In the welding process, the welded metal undergoes heating, melting (or reaching thermoplastic state) and subsequent solidification and continuous cooling due to heat input and transmission, which is called welding thermal process.
The welding thermal process runs through the whole welding process and becomes one of the main factors affecting and determining the welding quality and welding productivity through the following aspects:
1) The size and distribution of heat applied to the weldment metal determine the shape and size of the molten pool.
2) The degree of metallurgical reaction in welding pool is closely related to the action of heat and the length of existence time of weld pool.
3) The changes of welding heating and cooling parameters affect the solidification and phase transformation process of molten pool metal and the transformation of metal microstructure in heat affected zone.
Therefore, the microstructure and properties of weld and welding heat affected zone are also related to the effect of heat.
4) Due to uneven heating and cooling of welding parts, uneven stress state is caused, resulting in different degrees of stress, deformation and strain.
5) Under the action of welding heat, various forms of cracks and other metallurgical defects may occur due to the joint influence of metallurgy, stress factors and the structure of the welded metal.
6) The welding input heat and its efficiency determine the melting speed of base metal and electrode (welding wire), thus affecting the welding productivity.

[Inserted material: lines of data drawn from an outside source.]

(* For every even positive integer $n$, $d(L(n,2n-1)) = n^2 - n$. More precisely, there is a partial coloring of an $n\times n$ square with exactly $n^2-n$ colored entries (all off-diagonal entries colored, all diagonal entries uncolored) that uniquely extends to $L(n,2n-1)$, and no partial coloring with more than $n$ uncolored entries uniquely extends to $L(n,2n-1)$.
   Context: For positive integers $n,k$, let $\mathcal{L}_{n,k}$ be the set of $n\times n$ squares all of whose entries are colored with colors from a fixed set of $k$ colors $\{1,\dots,k\}$ such that any two entries in the same row, or in the same column, have different colors. A partial coloring of an $n\times n$ square assigns colors from $\{1,\dots,k\}$ to some of its entries; the remaining entries are called uncolored. A partial coloring extends to $L(n,k)$ if the uncolored entries can be colored so that the resulting fully colored square lies in $\mathcal{L}_{n,k}$ (keeping the given colors), and it uniquely extends to $L(n,k)$ if there is exactly one such way. A defining set of the $k$-coloring of an $n\times n$ square is the set of colored entries of a partial coloring that uniquely extends to $L(n,k)$; the defining number $d(L(n,k))$ is the minimum cardinality of such a defining set. *)

From mathcomp Require Import all_boot.
Set Implicit Arguments.
Unset Strict Implicit.
Unset Printing Implicit Defensive.

(* Colors {1,...,k} are represented by 'I_k = {0,...,k-1}; cells are pairs
   (row, column) in 'I_n * 'I_n. *)

Definition coloring (n k : nat) := {ffun 'I_n * 'I_n -> 'I_k}.

(* A partial k-coloring: None = uncolored entry. *)
Definition pcoloring (n k : nat) := {ffun 'I_n * 'I_n -> option 'I_k}.

Definition in_L (n k : nat) (f : coloring n k) : bool :=
  [forall i : 'I_n, forall j1 : 'I_n, forall j2 : 'I_n,
     (j1 != j2) ==> (f (i, j1) != f (i, j2))] &&
  [forall j : 'I_n, forall i1 : 'I_n, forall i2 : 'I_n,
     (i1 != i2) ==> (f (i1, j) != f (i2, j))].

Definition extends_to (n k : nat) (P : pcoloring n k) (f : coloring n k) : bool :=
  [forall c : 'I_n * 'I_n, if P c is Some a then f c == a else true].

Definition colored (n k : nat) (P : pcoloring n k) : {set 'I_n * 'I_n} :=
  [set c | P c != None].

Definition uncolored (n k : nat) (P : pcoloring n k) : {set 'I_n * 'I_n} :=
  [set c | P c == None].

Definition uniquely_extends (n k : nat) (P : pcoloring n k) : bool :=
  #|[set f : coloring n k | in_L f && extends_to P f]| == 1.

Definition defining_set (n k : nat) (S : {set 'I_n * 'I_n}) : Prop :=
  exists P : pcoloring n k, uniquely_extends P /\ colored P = S.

Characteristics of welding thermal process
The welding thermal process is much more complex than that under general heat treatment conditions. It has the following four main characteristics:
a. Local concentration of welding thermal process
The weldment is not heated as a whole during welding, but the heat source is only the area near the direct action point of heating, and the heating and cooling are extremely uneven.
b. Mobility of welding heat source
In the welding process, the heat source moves relative to the weldment, and the heated area of the weldment changes constantly.

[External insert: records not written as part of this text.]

Lemma load_le u : \sum_i (a i == u : nat) <= 1 + y (pos u).
Proof.
case: (ltnP u n) => [u_lt | u_ge]; last first.
  by rewrite big1 // => i _; have := cdist_lt b (p i); rewrite /a; lia.
case: (posnP u) => [-> | u_gt0]; last first.
  by have := load_step (introT andP (conj u_gt0 u_lt)); lia.
have [_ _ balance] := flow; have := balance c; rewrite y_c addn0.
by under eq_bigr => i _ do rewrite -/b -[b]/(pos 0) eq_pos //.
Qed.

Lemma cut_window_load u v : v < n ->
  \sum_i (u <= a i <= v : nat) <= v - u + l.
Proof.
move=> v_lt; have [_ y_le _] := flow; have := y_le (pos v).
have := sum_window_le (load_le u)
  (fun r (r_in : u < r <= v) => load_step (r := r) ltac:(lia)).
by lia.
Qed.

Lemma cut_tail_load u : \sum_i (u <= a i : nat) <= n - u.
Proof.
case: (ltnP u n) => [u_lt | u_ge]; last first.
  by rewrite big1 // => i _; have := cdist_lt b (p i); rewrite /a; lia.
rewrite (eq_bigr (fun i => (u <= a i <= n.-1 : nat))) => [|i _]; last first.
  by have := cdist_lt b (p i); rewrite /a; lia.
apply: leq_trans (sum_window_le (v := n.-1) (load_le u)
  (fun r (r_in : u < r <= n.-1) => load_step (r := r) ltac:(lia))) _.
by rewrite pos_last y_c; lia.
Qed.

Lemma cut_helper_flow_W : W_orientable l e.
Proof.
have [s s_inj s_in] := interval_schedule cut_window_load cut_tail_load.
have {s_in} [le_as lt_sl lt_sn] : [/\ forall i, a i <= s i,
    forall i, s i < a i + l & forall i, s i < n].
  by split=> i; have := s_in i; lia.
apply/orientable1P; exists (fun i => pos (s i)) => [i j /(congr1 val) | i].
  rewrite !val_iter_ordS => /eqP; rewrite eqn_modDl !modn_small //.
  by move/eqP/s_inj.
have [p_e _ _] := flow; apply/hasP; exists (p i) => //.
have lt_t : s i - a i < l by have := lt_sl i; lia.
apply/existsP; exists (Ordinal lt_t); apply/eqP => /=.
rewrite val_iter_ordS -{1}(subnKC (le_as i)) addnA -modnDml.
by rewrite /a cdist_addmod.
Qed.

End CutHelperFlow.

Lemma helper_flow_W n m k l (e : 'I_m -> k.-tuple 'I_n) p y :
  0 < n -> 0 < l -> helper_flow l e p y -> W_orientable l e.
Proof.
move=> n_gt0 l_gt0 flow.
have [c _ c_min] := @arg_minnP _ (Ordinal n_gt0) xpredT y isT.
have flow_c := helper_flow_sub flow (fun v => c_min v isT).
exact: cut_helper_flow_W l_gt0 flow_c (subnn (y c)).
Qed.

Theorem proposition1 (k l n m : nat) (e : 'I_m -> k.-tuple 'I_n) :
  2 <= k -> 2 <= l -> 1 <= n ->
  (W_orientable l e <-> What_orientable l e).
Proof.
move=> _ l_ge2 n_gt0; have l_gt0 : 0 < l by apply: leq_trans l_ge2.
split=> [/W_helper_flow | /What_helper_flow] [p [y flow]].
  exact: helper_flow_What flow.
exact: helper_flow_W flow.
Qed.
(* PGLD instructions; foci and methods are spots *)
Inductive instr :=
| Basic of Spot & Spot
| PTest of Spot & Spot
| NTest of Spot & Spot
| AJmp of nat.

Definition focus_of (u : instr) : option Spot :=
  match u with Basic f _ | PTest f _ | NTest f _ => Some f | AJmp _ => None end.
Definition meth_of (u : instr) : option Spot :=
  match u with Basic _ m | PTest _ m | NTest _ m => Some m | AJmp _ => None end.

Definition foci_of (P : seq instr) : seq Spot := undup (pmap focus_of P).
Definition meths_of (P : seq instr) : seq Spot := undup (pmap meth_of P).

Variables (fstop fajmp ffocus fmethod fpos fneg : Field).
Variables (s : Spot) (sj : nat -> Spot).

Definition rho_body (j : nat) (f m : Spot) (p q : nat) : seq method :=
  [:: Addfield (sj j) ffocus; Addfield (sj j) fmethod; Addfield (sj j) fpos;
      Addfield (sj j) fneg; Setfield (sj j) ffocus f; Setfield (sj j) fmethod m;
      Setfield (sj j) fpos (sj p); Setfield (sj j) fneg (sj q)].

Definition rho (k j : nat) (u : instr) : seq method :=
  match u with
  | Basic f m => rho_body j f m j.+1 j.+1
  | PTest f m => rho_body j f m j.+1 j.+2
  | NTest f m => rho_body j f m j.+2 j.+1
  | AJmp l => if (1 <= l <= k) then [:: Addfield (sj j) fajmp; Setfield (sj j) fajmp (sj l)]
              else [:: Addfield (sj j) fstop]
  end.

Definition pgldmd (P : seq instr) : seq method :=
  let k := size P in
  [seq Create f | f <- foci_of P] ++ [seq Create m | m <- meths_of P]
  ++ [seq Create (sj i) | i <- iota 1 (k + 2)]
  ++ flatten [seq rho k p.1 p.2 | p <- zip (iota 1 k) P]
  ++ [:: Addfield (sj k.+1) fstop; Addfield (sj k.+2) fstop; Setspot s (sj 1)].

End MD.

Arguments Create {Spot Field} _.
Arguments Setspot {Spot Field} _ _.
Arguments Equal {Spot Field} _ _.
Arguments AJmp {Spot} _.

From mathcomp Require Import all_boot zify.
Set Implicit Arguments. Unset Strict Implicit. Unset Printing Implicit Defensive.

(* The creation phase gives every spot of the program (its foci, its methods and
   s_1, ..., s_(k+2)) a fresh atom of its own, and no atom has fields yet.  The
   field-setting phase then only writes to atoms of the spots s_i, the instructions
   rho_i writing to the atom of s_i alone, so the atom of s_j ends up carrying exactly
   the fields that encode u_j; the final setspot only moves s.  A getfield followed by
   an equal test compares the atom stored in a field with the atom of a spot, and as
   distinct spots hold distinct atoms these readouts determine u_j. *)

Lemma zip_iota (T : Type) (x0 : T) n (r : seq T) :
  zip (iota n (size r)) r = [seq (i, nth x0 r (i - n)) | i <- iota n (size r)].
Proof.
elim: r n => //= x r IH n; rewrite subnn IH; congr (_ :: _).
apply/eq_in_map => i; rewrite mem_iota => /andP[ni _].
by rewrite [i - n](_ : _ = (i - n.+1).+1) // subnS prednK // subn_gt0.
Qed.

Lemma iota_split_at j k : 0 < j <= k -> iota 1 k = iota 1 j.-1 ++ j :: iota j.+1 (k - j).
Proof.
move=> jk; rewrite {1}(_ : k = j.-1 + (k - j).+1); last by lia.
by rewrite iotaD add1n prednK //; case/andP: jk.
Qed.

Lemma mem_pmap_nth (T : Type) (rT : eqType) (g : T -> option rT) x0 (r : seq T) j y :
  j < size r -> g (nth x0 r j) = Some y -> y \in pmap g r.
Proof.
move=> jr gy; rewrite -(cat_take_drop j r) (drop_nth x0 jr) pmap_cat /= gy.
by rewrite mem_cat mem_head orbT.
Qed.

Lemma and_pairs_iff (P1 Q1 P2 Q2 P3 Q3 P4 Q4 A1 A2 A3 A4 : Prop) :
    (P1 /\ Q1 <-> A1) -> (P2 /\ Q2 <-> A2) -> (P3 /\ Q3 <-> A3) -> (P4 /\ Q4 <-> A4) ->
  P1 /\ Q1 /\ P2 /\ Q2 /\ P3 /\ Q3 /\ P4 /\ Q4 <-> [/\ A1, A2, A3 & A4].
Proof.
move=> e1 e2 e3 e4; split=> [[p1 [q1 [p2 [q2 [p3 [q3 [p4 q4]]]]]]]|].
  by split; [apply/e1|apply/e2|apply/e3|apply/e4].
by case=> /e1[? ?] /e2[? ?] /e3[? ?] /e4[? ?].
Qed.

Section Machine.
Variables (Spot Field : finType) (PAtom : eqType).
Variables (proatom : nat -> PAtom) (proinv : PAtom -> nat).
Hypothesis proatomK : forall n, 0 < n -> proinv (proatom n) = n.

Local Notation state := (state Spot Field PAtom).
Local Notation method := (method Spot Field).
Local Notation E := (@eff Spot Field PAtom proatom proinv).
Local Notation Y := (@yld Spot Field PAtom).

Definition exec (t : state) (ms : seq method) : state := foldl (fun t m => E m t) t ms.

Lemma exec_cat t ms1 ms2 : exec t (ms1 ++ ms2) = exec (exec t ms1) ms2.
Proof. exact: foldl_cat. Qed.

Definition allocated (L : seq Spot) (t : state) :=
  [/\ {in L, forall x, exists2 a, sigma t x = Some a & a \in adom t},
      {in L &, injective (sigma t)} &
      forall x, x \notin L -> sigma t x = None].

Definition blank (t : state) := forall a w, alpha t a w = None.

Lemma eq_allocated L1 L2 t : L1 =i L2 -> allocated L1 t -> allocated L2 t.
Proof.
move=> eqL [alloc inj out]; split=> [x|x y|x]; rewrite -?eqL; [exact: alloc|exact: inj|exact: out].
Qed.

Lemma allocated_inj L t : allocated L t -> {in L, forall x y, sigma t x = sigma t y -> x = y}.
Proof.
case=> alloc inj out x xL y; have [yL|yL] := boolP (y \in L); first exact: inj.
by have [a -> _] := alloc x xL; rewrite out.
Qed.

(* The new atom is fresh because its [proinv] exceeds that of every existing atom. *)
Lemma eff_create t x : exists2 a, a \notin adom t &
  E (Create x) t = State (upd_sigma t x (Some a)) (a :: adom t)
                         (fun b => if b == a then fun _ => None else alpha t b).
Proof.
exists (proatom (\max_(a <- adom t) proinv a).+1) => //.
apply/negP => /(@leq_bigmax_seq _ _ xpredT proinv) /(_ erefl).
by rewrite proatomK // ltnn.
Qed.

Lemma allocated_create L t x : x \notin L -> allocated L t -> blank t ->
  allocated (x :: L) (E (Create x) t) /\ blank (E (Create x) t).
Proof.
move=> xL [alloc inj out] blk; have [a fresh ->] := eff_create t x.
split; first split=> [y|y z|y] /=; rewrite /upd_sigma ?inE.
- case: eqP => [_ _|_ /= /alloc [b -> bt]]; first by exists a; rewrite ?inE ?eqxx.
  by exists b; rewrite // inE bt orbT.
- case: (y =P x) => [->|_]; case: (z =P x) => [->|_] //= yL zL.
  + by have [b -> bt [ab]] := alloc z zL; move: fresh; rewrite ab bt.
  + by have [b -> bt [ab]] := alloc y yL; move: fresh; rewrite -ab bt.
  + exact: inj.
- by rewrite negb_or => /andP[/negbTE -> /out].
- by move=> b w /=; case: ifP.
Qed.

When the welding heat source approaches a certain point of the weldment, the temperature at that point increases rapidly, and when the heat source gradually moves away, the point cools down.
c. Instantaneity of welding thermal process
Under the action of highly concentrated heat source, the heating speed is very fast (more than 1500 ℃ / s in the case of arc welding), that is, a large amount of heat energy is transferred from the heat source to the weldment in a very short time, and the cooling speed is also very high due to the localization of heating and the movement of heat source.

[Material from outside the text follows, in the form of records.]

Lemma bounded_functional_pos (f : V -> R[i]) (M : R) : (forall x, normc (f x) <= M * N x) ->
  exists2 M' : R, 0 < M' & forall x, normc (f x) <= M' * N x.
Proof.
move=> hM; exists (`|M| + 1) => [|x]; first by rewrite ltr_wpDl.
by apply: le_trans (hM x) _; rewrite ler_wpM2r ?hnorm_ge0 // (le_trans (ler_norm M)) // lerDl.
Qed.

(* The representing vector is a multiple of any nonzero [z] orthogonal to [ker f]. *)
Theorem riesz_representation (f : V -> R[i]^o) (M : R) :
  (forall a x y, f (a *: x + y) = a *: f x + f y) ->
  (forall x, normc (f x) <= M * N x) -> exists s, forall x, f x = ip x s.
Proof.
move=> hf /bounded_functional_pos[{}M M0 hM].
have [[w fw0]|f0] := pselect (exists w, f w != 0); last first.
  by exists 0 => x; rewrite (ip0r hip); apply/eqP/negPn/negP => fx; apply: f0; exists x.
pose P x := f x = 0.
have hP : closed_subspace ip P.
  split; first exact: lin_op0 hf.
  split=> [a x y Px Py|u l Pu ul]; first by rewrite /P hf Px Py scaler0 addr0.
  apply/eqP/negPn/negP; rewrite -normc_gt0 => fl0.
  have [K hK] := ul _ (divr_gt0 fl0 M0).
  have := hM (l - u K); rewrite (lin_opB hf) Pu subr0 (hnormBC hip) => hle.
  by move: (hK K (leqnn K)); rewrite -(ltr_pM2l M0) mulrCA mulfV ?gt_eqF // mulr1 ltNge hle.
have [p Pp hp] := orthogonal_projection hip hcomp hP w.
set z := w - p.
have fz : f z = f w by rewrite /z (lin_opB hf) Pp subr0.
have z0 : sqnorm ip z != 0.
  apply: contra fw0 => /eqP/(sqnorm_eq0 hip) z0; by rewrite -fz z0 (lin_op0 hf).
exists (((f z)^* / (sqnorm ip z)%:C) *: z) => x.
have Pu : P (f x *: z - f z *: x).
  by rewrite /P (lin_opB hf) !(lin_opZ hf); apply/eqP; rewrite subr_eq0; apply/eqP/mulrC.
have hu : ip (f x *: z - f z *: x) z = 0 by rewrite (ipC hip) hp // conjC0.
move: hu; rewrite (ipBl hip) !(ipZl hip) (ipxxE hip) => /eqP; rewrite subr_eq0 => /eqP hu.
rewrite (ipZr hip) rmorphM /= conjCK fmorphV /= conjC_real mulrAC -hu mulfK //.
by apply: contra z0 => /eqP[] /eqP.
Qed.

Variable T : V -> V.
Hypothesis hT : bounded_op ip T.

Lemma adjoint_exists : exists S, is_adjoint ip T S.
Proof.
have [M M0 hM] := bounded_op_pos hT.
have riesz y : exists s, forall x, ip (T x) y = ip x s.
  apply: (riesz_representation (f := fun x => ip (T x) y : R[i]^o) (M := M * N y)).
    by move=> a x x'; rewrite /= hT.1 (ipL hip).
  move=> x; rewrite mulrAC; apply: le_trans (normc_ip_le hip _ _) _.
  by rewrite ler_wpM2r ?hnorm_ge0.
have [S hS] := choice riesz.
have hlS : lin_op S.
  move=> a x y; apply: (ip_inj_r hip) => v.
  by rewrite -hS (ipDr hip) (ipZr hip) !hS (ipDr hip) (ipZr hip).
exists S; split=> //; split=> //; exists M => y.
have : N (S y) ^+ 2 <= M * N (S y) * N y.
  rewrite (hnorm_sqr hip) /sqnorm -hS; apply: le_trans (Re_ip_le hip _ _) _.
  by rewrite ler_wpM2r ?hnorm_ge0.
have [->|Sy0] := eqVneq (S y) 0.
  by rewrite (hnorm0 hip) => _; rewrite mulr_ge0 ?hnorm_ge0 ?(ltW M0).
by rewrite expr2 mulrAC ler_pM2r ?(hnorm_gt0 hip).
Qed.

Lemma adjP : is_adjoint ip T (adj ip T).
Proof.
rewrite /adj; case: pselect => [h|h] /=; first exact: (proj2_sig (cid h)).
by have := adjoint_exists.
Qed.

Lemma ip_adjr x y : ip (T x) y = ip x (adj ip T y).
Proof. by case: adjP => _; apply. Qed.

Lemma ip_adjl x y : ip (adj ip T x) y = ip x (T y).
Proof. by rewrite (ipC hip) -ip_adjr -(ipC hip). Qed.

Lemma adj_bounded : bounded_op ip (adj ip T).
Proof. by case: adjP. Qed.

End Adjoint.

Lemma inv_opE (R : realType) (V : lmodType R[i]) (ip : V -> V -> R[i]) A S :
  is_inverse ip A S -> inv_op ip A =1 S.
Proof.
move=> hS y; rewrite /inv_op; case: pselect => [h|hn]; last by case: hn; exists S.
have [_ [SA _]] := proj2_sig (cid h); have [_ [_ AS]] := hS.
by rewrite -[in LHS](AS y) SA.
Qed.

(** * Approximate spectrum and completely non-normal operators *)

Section ApproximateSpectrum.
Variable R : realType.
Variable V : lmodType R[i].
Variable ip : V -> V -> R[i].
Hypothesis hip : inner_product ip.
Local Notation N := (hnorm ip).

d. Heat transfer process of weldment
The liquid metal in the welding pool is in a strong motion state.
Inside the molten pool, the heat transfer process is mainly fluid convection, while outside the molten pool, it is mainly solid heat conduction, and there are convective heat transfer and radiation heat transfer.
Therefore, the welding thermal process involves various heat transfer modes, which is a composite heat transfer problem.
Wrap it up
The above characteristics make the problem of welding heat transfer very complex.
However, because it has an important impact on the control of welding quality and the improvement of productivity, welding workers must master its basic law and the change trend under various process parameters.